For most new projects, BigLake Iceberg tables eliminate the need to choose between native and external tables. You get open-format flexibility with warehouse-like operational characteristics. The performance penalty is acceptable for most use cases, and you retain the ability to export data to any Iceberg-compatible system.

Decision Framework

When evaluating which table type to use for a specific dataset, work through these questions in order:

1. Does any engine besides BigQuery need to query this data? If Spark, Trino, Presto, or another compute engine needs direct access, BigLake tables (either standard or Iceberg) are your only options. Native BigQuery tables require exporting data or using BigQuery’s connector ecosystem.
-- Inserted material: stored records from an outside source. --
(* Let $p$ be a prime and let $\rho\in[2,p-1]$. Then $$t_\rho(\mathbb{Z}_p)=s_\rho(\mathbb{Z}_p)=\left\lfloor\frac{p-2}{\rho-1}\right\rfloor+1.$$
   Context: Groups are written additively; $\mathbb{Z}_p=\mathbb{Z}/p\mathbb{Z}$. For $A\subseteq G$ let $A_0:=A\cup\{0\}$ and $\langle A\rangle^+_\rho:=\rho A_0=\{a_1+\dots+a_\rho:a_i\in A_0\}$. $\operatorname{diam}^+_A(G):=\min\{\rho\in\mathbb{N}_0:\langle A\rangle^+_\rho=G\}$ ($\min\varnothing=\infty$). The period of $S\subseteq G$ is $\pi(S):=\{g\in G:S+g=S\}$; $S$ is aperiodic if $\pi(S)=\{0\}$. A subset $A\subseteq G$ is $\rho$-maximal if it is maximal under inclusion subject to $\operatorname{diam}^+_A(G)\ge\rho$, i.e. subject to $\langle A\rangle^+_{\rho-1}\neq G$. With the convention $\max\varnothing=0$: $s_\rho(G):=\max\{|A|: A\subseteq G,\ \rho\le\operatorname{diam}^+_A(G)<\infty\}$ and $t_\rho(G):=\max\{|A|: A \text{ is an aperiodic } \rho\text{-maximal generating set for } G\}$. *)

From HB Require Import structures.
From mathcomp Require Import all_boot all_order all_algebra.
Set Implicit Arguments. Unset Strict Implicit. Unset Printing Implicit Defensive.
Import GRing.Theory.
Local Open Scope ring_scope.

Section Defs.
Variable G : finZmodType.

Definition A0 (A : {set G}) : {set G} := 0 |: A.

(* <A>^+_rho := rho A_0 (with 0 A_0 = {0}) *)
Fixpoint sumset (rho : nat) (A : {set G}) : {set G} :=
  match rho with
  | O => [set 0]
  | S n => [set x + y | x in sumset n A, y in A0 A]
  end.

(* rho <= diam^+_A(G) : no smaller number of summands covers G *)
Definition diam_ge (A : {set G}) (rho : nat) : Prop :=
  forall n : nat, (n < rho)%N -> sumset n A <> [set: G].

(* diam^+_A(G) < infinity *)
Definition diam_finite (A : {set G}) : Prop :=
  exists n : nat, sumset n A = [set: G].

Definition period (S : {set G}) : {set G} :=
  [set g | [set x + g | x in S] == S].

Definition aperiodic (S : {set G}) : Prop := period S = [set 0].

Definition generates (A : {set G}) : Prop :=
  forall H : {set G}, 0 \in H -> (forall x y, x \in H -> y \in H -> x - y \in H) ->
    A \subset H -> H = [set: G].

Definition rho_maximal (rho : nat) (A : {set G}) : Prop :=
  diam_ge A rho /\ forall B : {set G}, A \subset B -> diam_ge B rho -> B = A.

(* N is the maximum of |A| over A satisfying P, with max of empty = 0 *)
Definition is_max_card (P : {set G} -> Prop) (N : nat) : Prop :=
  ((exists A, P A /\ #|A| = N) \/ ((forall A, ~ P A) /\ N = 0%N)) /\
  (forall A, P A -> (#|A| <= N)%N).

Definition s_rho_is (rho N : nat) : Prop :=
  is_max_card (fun A => diam_ge A rho /\ diam_finite A) N.

Definition t_rho_is (rho N : nat) : Prop :=
  is_max_card (fun A => aperiodic A /\ rho_maximal rho A /\ generates A) N.

End Defs.

Definition Zp_finZmod (p : nat) : finZmodType := 'Z_p.

(* If diam^+_A >= rho, then (rho - 1) A_0 is a proper subset of Z_p, while
   iterating Cauchy-Davenport gives |(rho - 1) A_0| >= (rho - 1)(|A_0| - 1) + 1;
   hence |A| <= |A_0| <= (p - 2) / (rho - 1) + 1.  The interval {0, ..., k} with
   k = (p - 2) / (rho - 1) attains this: its (rho - 1)-fold sumset lies in
   {0, ..., (rho - 1) k} and misses p - 1, it generates Z_p because it contains 1,
   it is aperiodic because it is a proper subset containing 0, and it is
   rho-maximal by the upper bound itself. *)

From HB Require Import structures.
From mathcomp Require Import all_boot all_order all_algebra zify.
Set Implicit Arguments. Unset Strict Implicit. Unset Printing Implicit Defensive.
Import GRing.Theory.
Local Open Scope ring_scope.

Section Sumsets.
Variable G : finZmodType.

Definition addset (X Y : {set G}) : {set G} := [set x + y | x in X, y in Y].

Lemma card_translate (X : {set G}) (c : G) : #|[set x + c | x in X]| = #|X|.
Proof. by apply: card_imset; apply: addIr. Qed.

Lemma card_addset_ge (X Y : {set G}) (y : G) : y \in Y -> (#|X| <= #|addset X Y|)%N.
Proof.
move=> Yy; rewrite -(card_translate X y); apply: subset_leq_card.
by apply/subsetP => _ /imsetP[x Xx ->]; apply/imset2P; exists x y.
Qed.

(* The pair (X :|: (Y + c), Y :&: (X - c)) is Dyson's e-transform of (X, Y). *)
Lemma addset_etrans_sub (X Y : {set G}) (c : G) :
  addset (X :|: [set y + c | y in Y]) [set y in Y | y + c \in X] \subset addset X Y.
Proof.
apply/subsetP => _ /imset2P[a b Xa Yb ->]; move: Yb; rewrite inE => /andP[Yb Xb].
case/setUP: Xa => [Xa|/imsetP[v Yv ->]]; first by apply/imset2P; exists a b.
by apply/imset2P; exists (b + c) v; rewrite // -addrA addrC [c + b]addrC.
Qed.

Lemma card_etrans (X Y : {set G}) (c : G) :
  (#|X :|: [set (y + c)%R | y in Y]| + #|[set y in Y | (y + c)%R \in X]|
   = #|X| + #|Y|)%N.
Proof.
rewrite -(card_translate Y c) -(cardsUI X); congr (_ + _)%N.
rewrite -(card_translate _ c); apply: eq_card => z.
apply/imsetP/setIP => [[v]|[Xz /imsetP[v Yv ez]]].
  by rewrite inE => /andP[Yv Xv] ->; split; last apply: imset_f.
by exists v; rewrite // inE Yv -ez.
Qed.

Lemma mem0_A0 (A : {set G}) : 0 \in A0 A.
Proof. exact: setU11. Qed.

Lemma mem0_sumset n (A : {set G}) : 0 \in sumset n A.
Proof.
elim: n => [|n IH] /=; first by rewrite inE.
by apply/imset2P; exists 0 0; rewrite ?addr0 ?mem0_A0.
Qed.

Lemma sumset_subS n (A : {set G}) : sumset n A \subset sumset n.+1 A.
Proof.
by apply/subsetP => z zS; apply/imset2P; exists z 0; rewrite ?addr0 ?mem0_A0.
Qed.

End Sumsets.

Section PrimeCyclic.
Variable p : nat.
Hypothesis p_pr : prime p.
Local Notation G := (Zp_finZmod p).

Let p_gt1 : (1 < p)%N := prime_gt1 p_pr.

Lemma Zp_val_add (x y : G) : nat_of_ord (x + y) = ((x + y) %% p)%N.
Proof. by rewrite /=; congr (_ %% _)%N; apply: Zp_cast. Qed.

Lemma Zp_val_mulrn (x : G) n : nat_of_ord (x *+ n) = ((x * n) %% p)%N.
Proof. by rewrite Zp_mulrn /=; congr (_ %% _)%N; apply: Zp_cast. Qed.

Lemma Zp_val_lt (x : G) : (x < p)%N.
Proof. by rewrite -[x]addr0 Zp_val_add addn0 ltn_mod ltnW. Qed.

Lemma card_Zp_setT : #|[set: G]| = p.
Proof. by rewrite cardsT card_ord Zp_cast. Qed.

Lemma Zp_mulrn_eq0 (d : G) n : d != 0 -> (n < p)%N -> (d *+ n == 0) = (n == 0%N).
Proof.
move=> d0 lt_np; have d_gt0 : (0 < d)%N by rewrite lt0n.
rewrite -val_eqE /= Zp_val_mulrn -/(p %| d * n)%N Euclid_dvdM // gtnNdvd ?Zp_val_lt //=.
by case: n lt_np => [|n] lt_np; rewrite ?dvdn0 ?gtnNdvd.
Qed.

Lemma Zp_mulrn_inj (d : G) : d != 0 -> injective (fun n : 'I_p => d *+ n).
Proof.
move=> d0 m n /= eq_mn; apply: val_inj => /=.
wlog le_mn : m n eq_mn / (m <= n)%N.
  by move=> wlog_mn; case: (leqP m n) => [|/ltnW] le; [|apply/esym]; apply: wlog_mn.
have : d *+ (n - m) == 0 by rewrite mulrnBr // eq_mn subrr.
rewrite Zp_mulrn_eq0 //; last by rewrite (leq_ltn_trans (leq_subr _ _)).
by rewrite subn_eq0 => le_nm; apply/anti_leq; rewrite le_mn le_nm.
Qed.

(* A nonzero element of a group of prime order generates it. *)
Lemma Zp_translate_closed (S : {set G}) (x0 d : G) : x0 \in S -> d != 0 ->
  (forall x, x \in S -> x + d \in S) -> S = [set: G].
Proof.
move=> Sx0 d0 S_cl.
have S_mulrn n : x0 + d *+ n \in S.
  by elim: n => [|n IH]; rewrite ?mulr0n ?addr0 // mulrS addrCA addrC S_cl.
apply/eqP; rewrite eqEcard subsetT card_Zp_setT /=.
have orbit_inj := inj_comp (addrI x0) (Zp_mulrn_inj d0).
rewrite -[X in (X <= _)%N]card_ord -(card_imset _ orbit_inj).
by apply/subset_leq_card/subsetP => _ /imsetP[n _ ->]; apply: S_mulrn.
Qed.

(* Induction on #|Y| through the e-transform, with c chosen so that the new Y
   keeps y1 but loses y; if no such c exists, X is stable under y2 - y1. *)
Theorem cauchy_davenport (X Y : {set G}) : X != set0 -> Y != set0 ->
  addset X Y = [set: G] \/ (#|X| + #|Y| <= #|addset X Y| + 1)%N.
Proof.
move: {2}#|Y| (leqnn #|Y|) => n; elim: n X Y => [|n IH] X Y leYn X0 Y0.
  by move: leYn; rewrite leqn0 cards_eq0 (negbTE Y0).
case: (leqP #|Y| 1) => [leY1|/card_gt1P[y1 [y2 [Yy1 Yy2 y12]]]].
  have [y Yy] := set0Pn _ Y0.
  by right; rewrite leq_add // (card_addset_ge _ Yy).
have [X_cl|] := boolP [forall x in X, forall y in Y, x + (y - y1) \in X].
  have [x0 Xx0] := set0Pn _ X0.
  have XT : X = [set: G].
    apply: (Zp_translate_closed Xx0 (_ : y2 - y1 != 0)) => [|x Xx].
      by rewrite subr_eq0 eq_sym.
    by move/forall_inP/(_ x Xx)/forall_inP: X_cl; apply.
  left; apply/eqP; rewrite eqEsubset subsetT; apply/subsetP => z _.
  by apply/imset2P; exists (z - y1) y1; rewrite ?XT ?inE ?subrK.
case/forall_inPn => x Xx /forall_inPn[y Yy Xxy].
pose c := x - y1.
have shift v : v + c = x + (v - y1) by rewrite addrCA addrA.
pose X' := X :|: [set v + c | v in Y]; pose Y' := [set v in Y | v + c \in X].
have Y'_proper : Y' \proper Y.
  apply/properP; split; first by apply/subsetP => v /setIdP[].
  by exists y => //; rewrite inE Yy shift (negbTE Xxy).
have X'0 : X' != set0 by apply/set0Pn; exists x; rewrite inE Xx.
have Y'0 : Y' != set0 by apply/set0Pn; exists y1; rewrite inE Yy1 shift subrr addr0.
have leY'n : (#|Y'| <= n)%N by rewrite -ltnS (leq_trans (proper_card Y'_proper)).
have sub := addset_etrans_sub X Y c; have card := card_etrans X Y c.
case: (IH X' Y' leY'n X'0 Y'0) => [X'Y'T|le_X'Y'].
  by left; apply/eqP; rewrite eqEsubset subsetT -X'Y'T.
by right; rewrite -card (leq_trans le_X'Y') // leq_add2r subset_leq_card.
Qed.

Lemma card_sumset_growth n (A : {set G}) :
  sumset n A = [set: G] \/ (n * (#|A0 A| - 1) + 1 <= #|sumset n A|)%N.
Proof.
elim: n => [|n IH]; first by right; rewrite mul0n cards1.
have [ST|le_n] := IH.
  by left; apply/eqP; rewrite eqEsubset subsetT -ST sumset_subS.
have A0_gt0 : (0 < #|A0 A|)%N by apply/card_gt0P; exists 0; apply: mem0_A0.
have [|||le_Sn] := @cauchy_davenport (sumset n A) (A0 A); try by [left].
- by apply/set0Pn; exists 0; apply: mem0_sumset.
- by apply/set0Pn; exists 0; apply: mem0_A0.
right; move: A0_gt0 le_n le_Sn; rewrite /= -/(addset _ _) mulSn.
move: (n * _)%N => m; move: #|A0 A| #|sumset n A| => a s; lia.
Qed.

Lemma card_le_of_diam_ge rho (A : {set G}) : (2 <= rho)%N -> diam_ge A rho ->
  (#|A| <= (p - 2) %/ (rho - 1) + 1)%N.
Proof.
move=> rho_ge2 dA; have q_gt0 : (0 < rho - 1)%N by rewrite subn_gt0.
have lt_q : (rho - 1 < rho)%N by rewrite ltn_subrL (ltnW rho_ge2).
have lt_p : (#|sumset (rho - 1) A| < p)%N.
  have : sumset (rho - 1) A \proper [set: G] by rewrite properT; apply/eqP/dA.
  by move/proper_card; rewrite card_Zp_setT.
have [/(dA _ lt_q)//|grow] := card_sumset_growth (rho - 1) A.
have le_A : (#|A| <= #|A0 A|)%N by apply/subset_leq_card/subsetUr.
rewrite addnC -leq_subLR leq_divRL //.
rewrite (leq_trans (_ : _ <= (#|A0 A| - 1) * (rho - 1))%N) //.
  by rewrite leq_mul2r leq_sub2r ?orbT.
by rewrite mulnC; lia.
Qed.

Definition Zp_interval (m : nat) : {set G} := [set x : G | (x <= m)%N].

Lemma card_Zp_interval m : (m < p)%N -> #|Zp_interval m| = m.+1.
Proof.
move=> lt_mp; have val_inord (i : 'I_m.+1) : nat_of_ord (inord i : G) = i.
  by rewrite inordK // Zp_cast // (leq_trans (ltn_ord i)).
have -> : Zp_interval m = [set inord i | i : 'I_m.+1].
  apply/setP => x; rewrite inE; apply/idP/imsetP => [le_xm|[i _ ->]].
    by exists (Ordinal (le_xm : (x < m.+1)%N)); rewrite //= inord_val.
  by rewrite val_inord -ltnS.
rewrite card_imset ?card_ord // => i j /(congr1 val).
by rewrite /= !val_inord => /val_inj.
Qed.

Lemma sumset_Zp_interval n m : (n * m < p)%N ->
  sumset n (Zp_interval m) \subset Zp_interval (n * m).
Proof.
elim: n => [|n IH] lt_p /=; first by apply/subsetP => x; rewrite !inE => /eqP ->.
have le_nm : (n * m + m <= n.+1 * m)%N by rewrite mulSn addnC.
apply/subsetP => _ /imset2P[x y Sx Iy ->].
have /IH/subsetP/(_ x Sx) : (n * m < p)%N.
  by rewrite (leq_ltn_trans _ lt_p) // mulSn leq_addl.
have le_ym : (y <= m)%N by case/setU1P: Iy => [->|]; rewrite ?inE.
rewrite !inE Zp_val_add => le_xnm.
have le_xy : (x + y <= n.+1 * m)%N := leq_trans (leq_add le_xnm le_ym) le_nm.
by rewrite modn_small // (leq_ltn_trans le_xy).
Qed.

Section ExtremalInterval.
Variable rho : nat.
Hypothesis rho_range : (2 <= rho <= p.-1)%N.

Local Notation k := ((p - 2) %/ (rho - 1))%N.
Local Notation I := (Zp_interval k).

Let q_gt0 : (0 < rho - 1)%N.
Proof. by case/andP: rho_range; rewrite subn_gt0. Qed.

Let k_gt0 : (0 < k)%N.
Proof. by rewrite divn_gt0 //; case/andP: rho_range; lia. Qed.

Let kq_le : (k * (rho - 1) <= p - 2)%N.
Proof. exact: leq_divM. Qed.

Let k_lt : (k.+1 < p)%N.
Proof. by have := leq_trans (leq_pmulr k q_gt0) kq_le; lia. Qed.

Lemma card_extremal_interval : #|I| = ((p - 2) %/ (rho - 1) + 1)%N.
Proof. by rewrite card_Zp_interval ?addn1 // ltnW. Qed.

Lemma extremal_interval_diam_ge : diam_ge I rho.
Proof.
move=> n lt_n_rho IT.
have le_nk : (n * k <= p - 2)%N.
  by rewrite mulnC (leq_trans (leq_mul (leqnn k) _) kq_le) //; lia.
have lt_nk : (n * k < p)%N by lia.
have := subset_leq_card (sumset_Zp_interval lt_nk).
by rewrite IT card_Zp_setT card_Zp_interval //; lia.
Qed.

Lemma extremal_interval_diam_finite : diam_finite I.
Proof.
exists p; have [//|] := card_sumset_growth p I.
have -> : A0 I = I by apply/setUidPr; rewrite sub1set inE.
rewrite card_Zp_interval; last exact: ltnW.
rewrite subn1 succnK => grow.
have := leq_trans grow (subset_leq_card (subsetT _)).
by rewrite card_Zp_setT addn1 ltnNge leq_pmulr.
Qed.

Lemma extremal_interval_generates : generates I.
Proof.
move=> H H0 H_sub IsubH; pose d : G := inord 1.
have d_val : nat_of_ord d = 1%N by rewrite inordK // Zp_cast.
have d0 : d != 0 by rewrite -val_eqE /= d_val.
have Hd : d \in H by apply: (subsetP IsubH); rewrite inE d_val.
apply: (Zp_translate_closed H0 d0) => x Hx.
by have := H_sub _ _ Hx (H_sub _ _ H0 Hd); rewrite sub0r opprK.
Qed.

Lemma extremal_interval_aperiodic : aperiodic I.
Proof.
apply/setP => z; rewrite !inE; apply/idP/idP => [/eqP Iz|/eqP ->].
  apply/contraT => z0; have I0 : 0 \in I by rewrite inE.
  have I_cl x : x \in I -> x + z \in I by rewrite -{2}Iz; apply: imset_f.
  have IT := Zp_translate_closed I0 z0 I_cl.
  have := card_Zp_interval (ltnW k_lt); rewrite IT card_Zp_setT => p_eq.
  by move: k_lt; rewrite -{1}p_eq ltnn.
apply/eqP/setP => x; apply/imsetP/idP => [[y Iy ->]|Ix]; first by rewrite addr0.
by exists x; rewrite ?addr0.
Qed.

Lemma extremal_interval_rho_maximal : rho_maximal rho I.
Proof.
split=> [|B IB dB]; first exact: extremal_interval_diam_ge.
apply/eqP; rewrite eq_sym eqEcard IB card_extremal_interval.
by apply: card_le_of_diam_ge dB; case/andP: rho_range.
Qed.

End ExtremalInterval.

End PrimeCyclic.

Theorem corollary2p6 (p rho : nat) (hp : prime p) (hrho : (2 <= rho <= p.-1)%N) :
  t_rho_is (Zp_finZmod p) rho ((p - 2) %/ (rho - 1) + 1) /\
  s_rho_is (Zp_finZmod p) rho ((p - 2) %/ (rho - 1) + 1).
Proof.
have rho_ge2 : (2 <= rho)%N by case/andP: hrho.
pose I := Zp_interval p ((p - 2) %/ (rho - 1)).
have cardI := card_extremal_interval hp hrho.
split; split.
- left; exists I; split=> //; split; first exact: extremal_interval_aperiodic.
  by split; [apply: extremal_interval_rho_maximal | apply: extremal_interval_generates].
- by move=> A [_ [[dA _] _]]; apply: card_le_of_diam_ge dA.
- left; exists I; split=> //.
  by split; [apply: extremal_interval_diam_ge | apply: extremal_interval_diam_finite].
- by move=> A [dA _]; apply: card_le_of_diam_ge dA.
Qed.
2. Do you need streaming inserts with sub-second latency? Native BigQuery tables handle this best. BigLake Iceberg supports streaming but with higher latency per record. For real-time operational dashboards or alerting, start with native tables.

3. Is this data subject to compliance requirements restricting movement? Some regulatory frameworks require data to remain in specific storage systems or regions. BigLake tables let you query data in place without copying it into BigQuery’s managed storage.

4. How important is query performance for this specific table? Gold-layer tables serving dashboards benefit from native table performance. Bronze-layer tables that only feed batch pipelines rarely need it. See BigLake Performance Characteristics for the specifics on where the gap matters.

5. Will this dataset exist in five years? Open formats like Iceberg provide better long-term portability. If you’re building core data assets that outlast your current architecture, the insurance value of open formats matters.

The default for new projects in 2026: BigLake Iceberg tables unless a specific requirement points elsewhere. Native BigQuery tables remain the right choice for high-performance serving layers. A hybrid architecture — Iceberg for flexibility, native for speed — is what the medallion lakehouse pattern implements.